Experimental study on the effects of temperature on mechanical properties of 3D printed continuous carbon fiber reinforced polymer (C-CFRP) composites

Design for safety of 3D printed continuous carbon fiber reinforced polymer (CCFRP) composites remains challenging for accommodating harsh service environments with a wide range of temperatures. To investigate thermal effects on mechanical properties and failure mechanism of CCFRP materials, this study carried out a series of experimental tests on the laminates with layups of [0](n), [90](n) and [0/90](n) for tension, as well as [+/- 45](n) for in-plane shearing. The application of classical laminate theory and rule of mixtures to the 3D printed CCFRP composites under varying temperatures is then evaluated. The results indicate that the transverse elastic modulus/strength and in-plane shear modulus/strength increase at a low temperature, but all the mechanical properties decrease at a high temperature. Notably, an unexpected decrease in strength of [0/90](n) laminates is observed when the temperature drops from -10 degrees C to -40 degrees C. Significant strain concentrations are visualized during tensile experiments at high temperature through the digital image correlation (DIC) technique.
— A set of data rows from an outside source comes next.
Lemma avgZ (c : R) (f : R -> R) :
  mu.-integrable D (EFin \o fun x => f x / (1 + x ^+ 2)) ->
  avg (fun x => c * f x) = c * avg f.
Proof.
move=> fi; rewrite /avg /int0oo.
by under eq_Rintegral do rewrite -mulrA; rewrite RintegralZl // mulrCA.
Qed.

Lemma avg_affine (c : R) {f h : R -> R} {Kf Kh : R} :
  {in D, continuous f} -> {in D, continuous h} ->
  (forall x, 0 < x -> `|f x| <= Kf) -> (forall x, 0 < x -> `|h x| <= Kh) ->
  avg (fun x => c - f x - c * h x) = c - avg f - c * avg h.
Proof.
move=> cf ch fK hK.
have cfc : {in D, continuous (fun x => c - f x)}.
  by move=> x /cf cfx; apply: cvgB; [exact: cvg_cst|exact: cfx].
have chc : {in D, continuous (fun x => c * h x)}.
  by move=> x /ch chx; apply: cvgM; [exact: cvg_cst|exact: chx].
have fcK x : 0 < x -> `|c - f x| <= `|c| + Kf.
  by move=> /fK fxK; rewrite (le_trans (ler_normB _ _)) // lerD2l.
have hcK x : 0 < x -> `|c * h x| <= `|c| * Kh.
  by move=> /hK hxK; rewrite normrM ler_wpM2l.
rewrite avgB; [|exact: bounded_avg_integrable cfc fcK|exact: bounded_avg_integrable chc hcK].
rewrite avgZ; last exact: bounded_avg_integrable ch hK.
rewrite (avgB (fun=> c) f) ?avg_cst //; last exact: bounded_avg_integrable cf fK.
apply: (bounded_avg_integrable (K := `|c|)) => // x _; exact: cvg_cst.
Qed.
End half_line.

Section clamp.
Context {R : realType}.
Variables (a b : R).
Hypothesis ab : a < b.

(* Extending by constants outside [a, b] turns continuity within [a, b] into
   continuity on an open interval, as required by continuity_under_integral. *)
Definition clamp (s : R) : R := Num.min (Num.max s a) b.

Lemma clamp_id s : a <= s <= b -> clamp s = s.
Proof. by case/andP=> sa sb; rewrite /clamp max_l // min_l. Qed.

Lemma clamp_itv s : a <= clamp s <= b.
Proof.
rewrite /clamp le_min ge_min lexx orbT andbT le_max lexx orbT /=.
exact: ltW.
Qed.

Lemma continuous_clamp : continuous clamp.
Proof.
move=> x; apply: (@continuous_min _ _ (fun s => Num.max s a) (cst b)); last exact: cvg_cst.
by apply: (@continuous_max _ _ id (cst a)); [exact: cvg_id|exact: cvg_cst].
Qed.

Lemma continuous_clamp_comp (f : R -> R) :
  {within `[a, b], continuous f} -> continuous (f \o clamp).
Proof.
have clamp_in y : `[a, b]%classic (clamp y) by rewrite /= in_itv /= clamp_itv.
move=> /subspace_continuousP cf x; apply: cvg_comp (cf _ (clamp_in x)).
move=> P /(continuous_clamp x) Pnear.
by apply: (@filterS _ (nbhs x) _ _ _ _ Pnear) => y /= /(_ (clamp_in y)).
Qed.
End clamp.
Arguments clamp_itv {R a b}.
Arguments clamp_id {R a b}.
Arguments continuous_clamp_comp {R a b}.

Section parametric_integral.
Context {R : realType}.
Local Notation mu := (@lebesgue_measure R).
Local Notation D := (`]0%R, +oo[%classic : set R).

Lemma continuous_within_int0oo (phi : R -> R -> R) (a b K : R) : a < b ->
  (forall s, a <= s <= b -> {in D, continuous (phi s)}) ->
  (forall s g, a <= s <= b -> 0 < g -> `|phi s g| <= K * (1 + g ^+ 2)^-1) ->
  (forall g, 0 < g -> {within `[a, b], continuous (phi^~ g)}) ->
  {within `[a, b], continuous (fun s => int0oo (phi s))}.
Proof.
move=> ab cphi bphi cphig.
pose psi s := phi (clamp a b s).
have psi_int s : mu.-integrable D (EFin \o psi s).
  exact: dominated_oneDsqrV_integrable (cphi _ (clamp_itv ab s))
    (fun g => bphi _ g (clamp_itv ab s)).
have cpsi : {in `]a - 1, b + 1[%classic, continuous (fun s => \int[mu]_(x in D) psi s x)}.
  apply: (@continuity_under_integral _ _ _ mu psi D _ (a - 1) (b + 1) _ _
    (fun g => `|K| * (1 + g ^+ 2)^-1)).
  - by [].
  - by move=> s _; exact: psi_int.
  - apply: aeW => g; rewrite /= in_itv /= andbT => g0 s _.
    exact: (continuous_clamp_comp ab _ (cphig g g0) s).
  - apply: (dominated_oneDsqrV_integrable (K := `|K|)).
      by move=> x _; apply: cvgM; [exact: cvg_cst|exact: continuous_oneDsqrV].
    by move=> x _; rewrite normrM normr_id ger0_norm ?oneDsqrV_ge0.
  - move=> s _; apply: aeW => g; rewrite /= in_itv /= andbT => g0.
    rewrite (le_trans (bphi _ _ (clamp_itv ab s) g0)) //.
    by rewrite ler_wpM2r ?oneDsqrV_ge0 ?ler_norm.
have : {within `[a, b], continuous (fun s => \int[mu]_(x in D) psi s x)}.
  apply: continuous_in_subspaceT => x; rewrite inE /= in_itv /= => /andP[ax xb].
  apply: cpsi; rewrite inE /= in_itv /= (lt_le_trans _ ax) ?gtrBl //.
  by rewrite (le_lt_trans xb) ?ltrDl.
apply: subspace_eq_continuous => x; rewrite inE /= in_itv /= => xab.
by rewrite /int0oo /psi /from_subspace /= clamp_id.
Qed.
End parametric_integral.

Section duality.
Context {R : realType}.
Local Notation mu := (@lebesgue_measure R).
Local Notation D := (`]0%R, +oo[%classic : set R).

(* (u1, u2) stands for bar Theta; C1 and C2 are the bounds of the theorem for T = t. *)
Variables (u1 u2 w1 w2 : R -> R -> R) (t C1 C2 : R).
Hypothesis t_gt0 : 0 < t.
Hypothesis u_dg : forall s g, 0 <= s -> 0 < g ->
  [/\ derivable (u1 s) g 1, derivable (u2 s) g 1,
      {for g, continuous (dg u1 s)} & {for g, continuous (dg u2 s)}].
Hypothesis u_dt : forall s g, 0 < s -> 0 < g ->
  derivable (u1^~ g) s 1 /\ derivable (u2^~ g) s 1.
Hypothesis u_t0 : forall g, 0 < g ->
  u1^~ g @ 0^'+ --> u1 0 g /\ u2^~ g @ 0^'+ --> u2 0 g.
Hypothesis u_bound : forall s g, 0 <= s <= t -> 0 < g ->
  [/\ `|u1 s g| <= C1 * (g ^+ 2 / (1 + g ^+ 2)),
      `|u2 s g| <= C1 * (g ^+ 2 / (1 + g ^+ 2)),
      `|g * dg u1 s g| <= C1 * (g ^+ 2 / (1 + g ^+ 2)) &
      `|g * dg u2 s g| <= C1 * (g ^+ 2 / (1 + g ^+ 2))].
Hypothesis u_eq1 : forall s g, 0 < s -> 0 < g ->
  dt u1 s g + 4 * g * dg u1 s g + 6 * u1 s g - 13 * u2 s g = 0.
Hypothesis u_eq2 : forall s g, 0 < s -> 0 < g ->
  dt u2 s g + 4 * g * dg u2 s g + 9 * u2 s g
    - 10 / (1 + g ^+ 2) * (u1 s g + g ^+ 2 * avg (u1 s)) = 0.
Hypothesis w_dg : forall r g, 0 <= r -> 0 < g ->
  [/\ derivable (w1 r) g 1, derivable (w2 r) g 1,
      {for g, continuous (dg w1 r)} & {for g, continuous (dg w2 r)}].
Hypothesis w_dt : forall r g, 0 < r -> 0 < g ->
  derivable (w1^~ g) r 1 /\ derivable (w2^~ g) r 1.
Hypothesis w_t0 : forall g, 0 < g ->
  w1^~ g @ 0^'+ --> w1 0 g /\ w2^~ g @ 0^'+ --> w2 0 g.
Hypothesis w_bound : forall r g, 0 <= r <= t -> 0 < g ->
  [/\ `|w1 r g| <= C2, `|w2 r g| <= C2, `|g * dg w1 r g| <= C2 & `|g * dg w2 r g| <= C2].
Hypothesis w_eq1 : forall r g, 0 < r -> 0 < g ->
  dt w1 r g - 4 * g * dg w1 r g + 10 * w1 r g - 10 / (1 + g ^+ 2) * w2 r g = 0.
Hypothesis w_eq2 : forall r g, 0 < r -> 0 < g ->
  dt w2 r g - 4 * g * dg w2 r g + 13 * w2 r g - 13 * w1 r g = 0.
Hypothesis w_init : forall g, 0 <= g -> w1 0 g = 1 /\ w2 0 g = 1.

Definition pairing (s g : R) : R := u1 s g * (1 - w1 (t - s) g) + u2 s g * (1 - w2 (t - s) g).

Definition dg_pairing (s g : R) : R :=
  dg u1 s g * (1 - w1 (t - s) g) + u1 s g * - dg w1 (t - s) g
  + (dg u2 s g * (1 - w2 (t - s) g) + u2 s g * - dg w2 (t - s) g).

Definition dt_pairing (s g : R) : R :=
  dt u1 s g * (1 - w1 (t - s) g) + u1 s g * dt w1 (t - s) g
  + (dt u2 s g * (1 - w2 (t - s) g) + u2 s g * dt w2 (t - s) g).

Definition density (s g : R) : R := (g ^+ 2)^-1 * pairing s g.

Definition flux (s g : R) : R := g^-1 * pairing s g.

Definition dflux (s g : R) : R := (g ^+ 2)^-1 * (g * dg_pairing s g - pairing s g).

Definition source (s g : R) : R := avg (u1 s) - u1 s g - avg (u1 s) * w2 (t - s) g.

Let reflect_itv {s} : 0 <= s <= t -> 0 <= t - s <= t.
Proof. by move=> /andP[s0 st]; apply/andP; split; lra. Qed.

Let t_itv : 0 <= t <= t. Proof. by rewrite lexx ltW. Qed.
Let zero_itv : (0 : R) <= 0 <= t. Proof. by rewrite lexx ltW. Qed.

Lemma C1_ge0 : 0 <= C1.
Proof.
have [u1C _ _ _] := u_bound 0 1 zero_itv ltr01.
have q1 : 0 < 1 ^+ 2 / (1 + 1 ^+ 2) :> R by rewrite expr1n divr_gt0 ?ltr0Sn.
by rewrite -(pmulr_lge0 _ q1) (le_trans _ u1C).
Qed.

Lemma C2_ge0 : 0 <= C2.
Proof. by have [w1C _ _ _] := w_bound 0 1 zero_itv ltr01; rewrite (le_trans _ w1C). Qed.

Lemma norm_u_le {s g : R} : 0 <= s <= t -> 0 < g -> `|u1 s g| <= C1 /\ `|u2 s g| <= C1.
Proof.
move=> st g0; have [u1C u2C _ _] := u_bound s g st g0.
have q1 : g ^+ 2 / (1 + g ^+ 2) <= 1 by rewrite ler_pdivrMr ?mul1r ?lerDr // ltr_pwDl ?sqr_ge0.
have CqC : C1 * (g ^+ 2 / (1 + g ^+ 2)) <= C1 by rewrite ler_piMr ?C1_ge0.
by split; apply: le_trans CqC.
Qed.

Lemma continuous_u_time {g : R} : 0 < g ->
  {within `[0, t], continuous (u1^~ g)} /\ {within `[0, t], continuous (u2^~ g)}.
Proof.
move=> g0; have [u10 u20] := u_t0 g g0.
by split; [apply: (continuous_within_itv0 t_gt0 _ u10)|apply: (continuous_within_itv0 t_gt0 _ u20)];
  move=> s s0; have [] := u_dt s g s0 g0.
Qed.

Lemma continuous_w_reflect {g : R} : 0 < g ->
  {within `[0, t], continuous (fun s => w1 (t - s) g)} /\
  {within `[0, t], continuous (fun s => w2 (t - s) g)}.
Proof.
move=> g0; have [w10 w20] := w_t0 g g0.
by split; [apply: (continuous_within_itv0_reflect t_gt0 _ w10)|
  apply: (continuous_within_itv0_reflect t_gt0 _ w20)]; move=> r r0; have [] := w_dt r g r0 g0.
Qed.

Lemma continuous_u_space {s g : R} : 0 <= s -> 0 < g ->
  [/\ {for g, continuous (u1 s)}, {for g, continuous (u2 s)},
      {for g, continuous (dg u1 s)} & {for g, continuous (dg u2 s)}].
Proof.
move=> s0 g0; have [d1 d2 c1 c2] := u_dg s g s0 g0.
by split => //; exact: derivable1_continuous.
Qed.

Lemma continuous_w_space {r g : R} : 0 <= r -> 0 < g ->
  [/\ {for g, continuous (w1 r)}, {for g, continuous (w2 r)},
      {for g, continuous (dg w1 r)} & {for g, continuous (dg w2 r)}].
Proof.
move=> r0 g0; have [d1 d2 c1 c2] := w_dg r g r0 g0.
by split => //; exact: derivable1_continuous.
Qed.

Lemma continuous_pairing {s g : R} : 0 <= s <= t -> 0 < g -> {for g, continuous (pairing s)}.
Proof.
move=> /andP[s0 st] g0; have ts : 0 <= t - s by lra.
have [c1 c2 _ _] := continuous_u_space s0 g0; have [e1 e2 _ _] := continuous_w_space ts g0.
exact: cvg_dot2 c1 c2 (cvg_oneB e1) (cvg_oneB e2).
Qed.

Lemma continuous_dg_pairing {s g : R} : 0 <= s <= t -> 0 < g ->
  {for g, continuous (dg_pairing s)}.
Proof.
move=> /andP[s0 st] g0; have ts : 0 <= t - s by lra.
have [c1 c2 d1 d2] := continuous_u_space s0 g0; have [e1 e2 f1 f2] := continuous_w_space ts g0.
have [v1 v2] := (cvg_oneB e1, cvg_oneB e2).
exact: cvgD (cvgD (cvgM d1 v1) (cvgM c1 (cvgN f1))) (cvgD (cvgM d2 v2) (cvgM c2 (cvgN f2))).
Qed.

Lemma continuous_within_pairing {g : R} : 0 < g ->
  {within `[0, t], continuous (pairing^~ g)}.
Proof.
move=> g0 x; have [c1 c2] := continuous_u_time g0; have [e1 e2] := continuous_w_reflect g0.
exact: cvg_dot2 (c1 x) (c2 x) (cvg_oneB (e1 x)) (cvg_oneB (e2 x)).
Qed.

Lemma continuous_density {s : R} : 0 <= s <= t -> {in D, continuous (density s)}.
Proof.
move=> st g; rewrite inE /= in_itv /= andbT => g0.
exact: cvgM (continuous_sqrV g0) (continuous_pairing st g0).
Qed.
With increasing temperature, the [0](n) laminates undergo a transition from an explosive to a jagged failure mode, while the [90](n) laminates shift from brittle to ductile failure. The alteration is attributed to decrease in the mechanical properties of both the matrix and the matrix fiber interface, as revealed by scanning electron microscopy (SEM) analysis. It is found that although the classical laminate theory exhibits an acceptable prediction accuracy for the 3D printed CCFRP composites under varying temperature conditions, the rule of mixtures is not applicable. For this reason, the new formulations for the rule of mixtures are then proposed to enable accurate predictions for 3D printed CCFRP composites under different temperatures. This study is anticipated to provide insightful understanding on mechanical properties and failure mechanisms for 3D printed CCFRP composites at different temperatures.